The divergent selection conducted on PM-pHu allowed the creation of a unique resource population. This population, as shown in the present study, is highly useful to understand the genetic control of not only the selection criterion but more generally that of muscle glycogen storage and metabolism in chicken. Sixty-three genomic regions showed significant signatures of positive selection and were enriched in QTL for PM-pHu. Still, several QTL with strong effect have not yet responded to selection, suggesting that the divergence between lines might be further increased. A few regions of major interest, with significant selection signatures all along the selection process and/or highly associated with PM-pHu or SART-pHu phenotypes, were evidenced for the first time in chicken.

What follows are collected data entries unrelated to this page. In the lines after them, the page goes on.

(* Let $D$ be a delta-matroid on $E\cup\overline{E}$ for a finite set $E$. If $E=\emptyset$, then $U_D(u,v)=1$. For any $i\in E$, $$U_D(u,v)=\begin{cases}U_{D/i}(u,v)+U_{D\setminus i}(u,v)+u\,U_{D(i)}(u,v), & \text{if } i \text{ is neither a loop nor a coloop},\\ (u+v+1)\,U_{D\setminus i}(u,v), & \text{if } i \text{ is a loop or a coloop}.\end{cases}$$
   Context: For a finite $E\subseteq\{1,2,\dots\}$ let $E\cup\overline{E}$ consist of $E$ and formal copies $\overline{i}$ ($i\in E$), with involution $a\mapsto\overline{a}$; $\overline{S}=\{\overline{a}:a\in S\}$. A subset is admissible if it contains at most one of $i,\overline{i}$ for each $i$; $\operatorname{AdS}(E)$ denotes the set of admissible subsets of $E\cup\overline{E}$. In $\mathbb{R}^E$ set $e_{\overline{i}}=-e_i$, $e_S=\sum_{a\in S}e_a$. A delta-matroid on $E\cup\overline{E}$ is a nonempty collection $\mathcal{F}$ of admissible sets of size $|E|$ (feasible sets) such that $\operatorname{Conv}\{e_B:B\in\mathcal{F}\}$ has all edges parallel to some $e_i$ or $e_i\pm e_j$. Rank function: $g_D(S)=\max_{B\in\mathcal{F}}(|S\cap B|-|\overline{S}\cap B|)$. $U$-polynomial: $U_D(u,v)=\sum_{S\in\operatorname{AdS}(E)}u^{|E|-|S|}v^{(|S|-g_D(S))/2}$. For $i\in E$: $i$ is a loop if no feasible set contains $i$, a coloop if every feasible set contains $i$. If $i$ is not a loop, $D/i$ is the delta-matroid on $(E\setminus\{i\})\cup\overline{(E\setminus\{i\})}$ with feasible sets $B\setminus\{i\}$ for feasible $B\ni i$; if $i$ is not a coloop, $D\setminus i$ has feasible sets $B\setminus\{\overline{i}\}$ for feasible $B\ni\overline{i}$; $D(i)$ has feasible sets $B\setminus\{i,\overline{i}\}$ for all feasible $B$; if $i$ is a loop or a coloop, $D/i=D\setminus i=D(i)$. *)

From HB Require Import structures.
From mathcomp Require Import all_boot all_order all_algebra.
From mathcomp Require Import finmap.
From Stdlib Require Import Rdefinitions.
From mathcomp Require Import Rstruct.

Set Implicit Arguments.
Unset Strict Implicit.
Unset Printing Implicit Defensive.

Import Order.TTheory GRing.Theory Num.Theory.
Local Open Scope fset_scope.
Local Open Scope ring_scope.

(* Elements of E ∪ Ē are encoded as pairs (i, b) : nat * bool :       *)
(*   (i, false) stands for i, and (i, true) stands for the copy ī.     *)
Definition elt := (nat * bool)%type.

Definition bar (a : elt) : elt := (a.1, ~~ a.2).

Definition barS (S : {fset elt}) : {fset elt} := [fset bar a | a in S].

Definition ground (E : {fset nat}) : {fset elt} :=
  [fset (i, false) | i in E] `|` [fset (i, true) | i in E].

Definition admissible (E : {fset nat}) (S : {fset elt}) : bool :=
  (S `<=` ground E) && [forall x : S, bar (val x) \notin S].

Definition AdS (E : {fset nat}) : {fset {fset elt}} :=
  [fset S in fpowerset (ground E) | admissible E S].

(* Geometry in R^E (R = the real numbers).  Vectors are functions      *)
(* nat -> R (only coordinates in E matter); e_ī = - e_i.               *)
Definition unitv (i : nat) : nat -> R := fun l => if l == i then 1 else 0.

Definition vecS (S : {fset elt}) : nat -> R :=
  fun l => \sum_(a <- S | a.1 == l) (if a.2 then -1 else 1).

Definition dotv (E : {fset nat}) (c : nat -> R) (S : {fset elt}) : R :=
  \sum_(l <- E) c l * vecS S l.

Definition parallel_ok (E : {fset nat}) (d : nat -> R) : Prop :=
  exists (k : R) (i j : nat), [/\ i \in E, j \in E &
    (forall l, d l = k * unitv i l) \/
    (i != j /\ forall l, d l = k * (unitv i l + unitv j l)) \/
    (i != j /\ forall l, d l = k * (unitv i l - unitv j l))].

(* Every edge of Conv{e_B : B in F} is parallel to some e_i or e_i ± e_j.
   An edge is a one-dimensional face: the set of points of the polytope
   maximising a linear functional c, when that set is a segment.  For
   two distinct vertices e_B1, e_B2 of such a face, the face is
   [e_B1, e_B2] and the edge direction is e_B2 - e_B1.                 *)
Definition edges_ok (E : {fset nat}) (F : {fset {fset elt}}) : Prop :=
  forall (c : nat -> R) (B1 B2 : {fset elt}),
    B1 \in F -> B2 \in F -> B1 != B2 ->
    (forall B, B \in F -> dotv E c B <= dotv E c B1) ->
    dotv E c B2 = dotv E c B1 ->
    (forall B, B \in F -> dotv E c B = dotv E c B1 ->
       exists t : R, forall l, vecS B l - vecS B1 l = t * (vecS B2 l - vecS B1 l)) ->
    parallel_ok E (fun l => vecS B2 l - vecS B1 l).

Definition is_delta_matroid (E : {fset nat}) (F : {fset {fset elt}}) : Prop :=
  [/\ F != fset0,
      (forall B, B \in F -> admissible E B /\ #|` B| = #|` E|) &
      edges_ok E F].

(* g_D(S) = max_{B in F} (|S ∩ B| - |S̄ ∩ B|).  Every term is >= -|S|,
   so using -|S| as the neutral element of the max does not change the
   value when F is nonempty. *)
Definition rankD (F : {fset {fset elt}}) (S : {fset elt}) : int :=
  \big[Num.max/ - Posz #|` S|]_(B <- F)
     (Posz #|` S `&` B| - Posz #|` barS S `&` B|).

(* bivariate integer polynomials: u is the inner variable, v the outer *)
Definition bipoly := {poly {poly int}}.
Definition uvar : bipoly := ('X)%:P.
Definition vvar : bipoly := 'X.

Definition Upoly (E : {fset nat}) (F : {fset {fset elt}}) : bipoly :=
  \sum_(S <- AdS E)
    uvar ^+ (subn #|` E| #|` S|) *
    vvar ^+ (divn (absz (Posz #|` S| - rankD F S)) 2).

Definition is_loop (F : {fset {fset elt}}) (i : nat) : bool :=
  [forall B : F, (i, false) \notin val B].
Definition is_coloop (F : {fset {fset elt}}) (i : nat) : bool :=
  [forall B : F, (i, false) \in val B].

Definition minor_mid (F : {fset {fset elt}}) (i : nat) : {fset {fset elt}} :=
  [fset B `\` [fset (i, false); (i, true)] | B in F].

(* D/i (with the convention D/i = D(i) when i is a loop or coloop) *)
Definition contract (F : {fset {fset elt}}) (i : nat) : {fset {fset elt}} :=
  if is_loop F i || is_coloop F i then minor_mid F i
  else [fset B `\` [fset (i, false)] | B in [fset B in F | (i, false) \in B]].

(* D\i (with the convention D\i = D(i) when i is a loop or coloop) *)
Definition delete (F : {fset {fset elt}}) (i : nat) : {fset {fset elt}} :=
  if is_loop F i || is_coloop F i then minor_mid F i
  else [fset B `\` [fset (i, true)] | B in [fset B in F | (i, true) \in B]].

From Stdlib Require Import Rdefinitions.
From mathcomp Require Import all_boot all_order all_algebra.
From mathcomp Require Import finmap.
From mathcomp Require Import Rstruct.
From mathcomp Require Import zify ring.

Set Implicit Arguments.
Unset Strict Implicit.
Unset Printing Implicit Defensive.

Import GRing.Theory Num.Theory Order.TTheory.
Local Open Scope fset_scope.
Local Open Scope ring_scope.

(* Write e_S in {-1, 0, 1}^E for the signed indicator vector of S, so that
   |S ∩ B| - |S̄ ∩ B| = <e_S, e_B> and g_D(S) is the largest <e_S, e_B> over
   feasible B.  The admissible sets of E are the S + i, S + ī and S with S
   admissible for E - i, which gives the three terms of the recursion once g_D
   is known on them: g_D(S) = g_{D(i)}(S), and g_D(S + a) = 1 + g_{D/a}(S) for
   a in {i, ī} as soon as some feasible set contains a (or ±1 + g_{D(i)}(S)
   when all feasible sets contain the same one of i, ī).
   The delta-matroid axiom enters only through an exchange property: if some
   feasible set contains a, every feasible B0 not containing a has a feasible
   partner B containing a that differs from B0 in at most one other coordinate.
   Taking for B the feasible set containing a closest to B0, one builds a
   linear functional maximised over the feasible sets exactly at B0 and B, so
   e_B - e_B0 is an edge direction of the polytope. *)

Lemma sum_if_eq_seq (V : nmodType) (T : eqType) (s : seq T) (q : T) (g : T -> V) :
  uniq s -> \sum_(x <- s) (if x == q then g x else 0) = if q \in s then g q else 0.
Proof.
elim: s => [|a s IH] /=; first by rewrite big_nil.
move=> /andP[as_ us]; rewrite big_cons IH // in_cons.
by case: eqVneq => [<-|_] /=; rewrite ?(negbTE as_) ?addr0 ?add0r.
Qed.

Lemma card_fset_sumz (T : choiceType) (A : {fset T}) : #|` A|%:Z = \sum_(a <- A) 1.
Proof. by rewrite card_fset_sum1 -natz natr_sum. Qed.

Lemma in_fset_cond (T : choiceType) (A : {fset T}) (P : pred T) x :
  (x \in [fset y in A | P y]) = (x \in A) && P x.
Proof. by rewrite !inE. Qed.

Lemma seq_argmax d (T : orderType d) (I : eqType) (r : seq I) (P : pred I)
    (f : I -> T) i0 : i0 \in r -> P i0 ->
  exists2 i, (i \in r) && P i & forall j, j \in r -> P j -> (f j <= f i)%O.
Proof.
move=> i0r Pi0; have : has P r by apply/hasP; exists i0.
elim: r {i0r} => // a r IH /=.
have [/IH[k /andP[kr Pk] kmax] _|noP Pa] := boolP (has P r).
  have [/andP[Pa fka]|aNmax] := boolP (P a && (f k <= f a)%O).
    exists a; rewrite ?mem_head ?Pa // => j /predU1P[-> //|jr Pj].
    exact: le_trans (kmax j jr Pj) fka.
  exists k; rewrite ?in_cons ?kr ?orbT ?Pk // => j /predU1P[-> Pj|]; last exact: kmax.
  by move: aNmax; rewrite Pj /= -ltNge => /ltW.
rewrite orbF in Pa.
exists a; rewrite ?mem_head ?Pa // => j /predU1P[-> //|jr Pj].
by case/hasP: noP; exists j.
Qed.

Lemma weighted_lex_lt (n a a' b b' : int) : - n <= b <= n -> - n <= b' <= n ->
  (a + 2 <= a') || (a <= a') && (b < b') -> (n + 1) * a + b < (n + 1) * a' + b'.
Proof. nia. Qed.

(** * Admissible sets *)

Lemma in_ground E l b : ((l, b) \in ground E) = (l \in E).
Proof.
apply/fsetUP/idP => [[] /imfsetP[m /= mE [-> _]] //|lE].
by case: b; [right|left]; apply/imfsetP; exists l.
Qed.

Lemma sum_fst_eq (V : nmodType) (A : {fset elt}) (l : nat) (g : elt -> V) :
  \sum_(a <- A | a.1 == l) g a =
  (if (l, false) \in A then g (l, false) else 0) +
  (if (l, true) \in A then g (l, true) else 0).
Proof.
rewrite big_mkcond -!sum_if_eq_seq ?fset_uniq // -big_split /=.
apply: eq_bigr => -[m [|]] _ /=; rewrite !xpair_eqE /=;
  by case: (m == l); rewrite ?addr0 ?add0r.
Qed.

They suggested several candidate genes, directly involved in glycogen synthesis and degradation or in the balance between these two systems, which necessitate further investigation in chicken.

Methods

Birds and housing

This study was conducted on birds originating from two lines divergently selected for PM-pHu according to a breeding scheme described in Alnahhas et al. [14]. In this experiment, sires were selected with higher intensity: at each generation, the best 19% sires (i.e. with the highest genetic value for the selected trait) and 50% dams were chosen to produce the next generation. Consistent with this higher selection intensity, genotyping in the first 5 generations was focused on sires, as described below. At generation 0 (G0), where the divergence process was not yet started and all birds were reared as a single population, 51 sires were genotyped. At generations 1 to 5 (G1-G5), the number of sires with descendants varied between 26 and 29 in the pHu- line and between 23 and 31 in the pHu + line, and the number of these sires that were genotyped varied between 17 and 28 in the pHu- line and between 14 and 30 in the pHu + line. QTL detection by association study was performed on a total of 558 offsprings (253 males and 305 females) of the 6th generation of selection (G6). Birds were reared in two successive batches and phenotyped for PM-pHu and SART-pHu as described in Alnahhas et al. [29].

Genotyping

Birds used for QTL mapping (n = 558) and sires used for the scan of positive selection (n = 288) were genotyped by the Labogena Laboratory (Jouy en Josas, France) using the Illumina chicken SNP 60 K Beadchip containing 57,636 SNPs. After filtering SNPs for their minor allele frequency (higher than 0.05) and their call rate (higher than 0.95), 40,590 SNPs located on 28 autosomes were retained for QTL detection on a total of 558 birds which had all a call rate higher than 0.95. When applying the same criteria, a total of 42,026 SNPs and 288 birds were considered for the detection of regions under selection.

Statistical analyses

Detection of selection signatures

We looked for genomic signatures of positive selection using the FLK [15] and hapFLK [16] methods, both implemented in the hapFLK software (https://forge-dga.jouy.inra.fr/projects/hapflk). These methods consider genotype data from multiple populations and detect regions where genetic differentiation between these populations is not consistent with a neutral evolution model. First, based on the matrix of observed genome-wide pairwise Reynold’s distances between populations, they estimate a population tree, using a Neighbour-Joining algorithm, and summarize this tree by a kinship matrix quantifying the amount of drift accumulated in each population since their divergence from a common ancestral population. Then, they scan the genome for loci where genetic differentiation between populations is significantly larger than expected under this pure drift model. Similar to the classical Fst, the statistic measuring genetic differentiation for one allele is a sum of the terms (pi – p)^2, where pi is the frequency of this allele in population i and p the estimated frequency of this allele in the ancestral population. The difference with Fst is that the terms of this sum (i.e. the populations) are weighted using the entries of the kinship matrix estimated previously, in order to account for differences of population size and for shared ancestry between populations. In the case of FLK, the statistic is computed for one of the two alleles of each SNP (the choice is arbitrary and has no influence on the results). In the case of hapFLK, local haplotypes are estimated (see below) and genetic differentiation is summed over all these haplotypes.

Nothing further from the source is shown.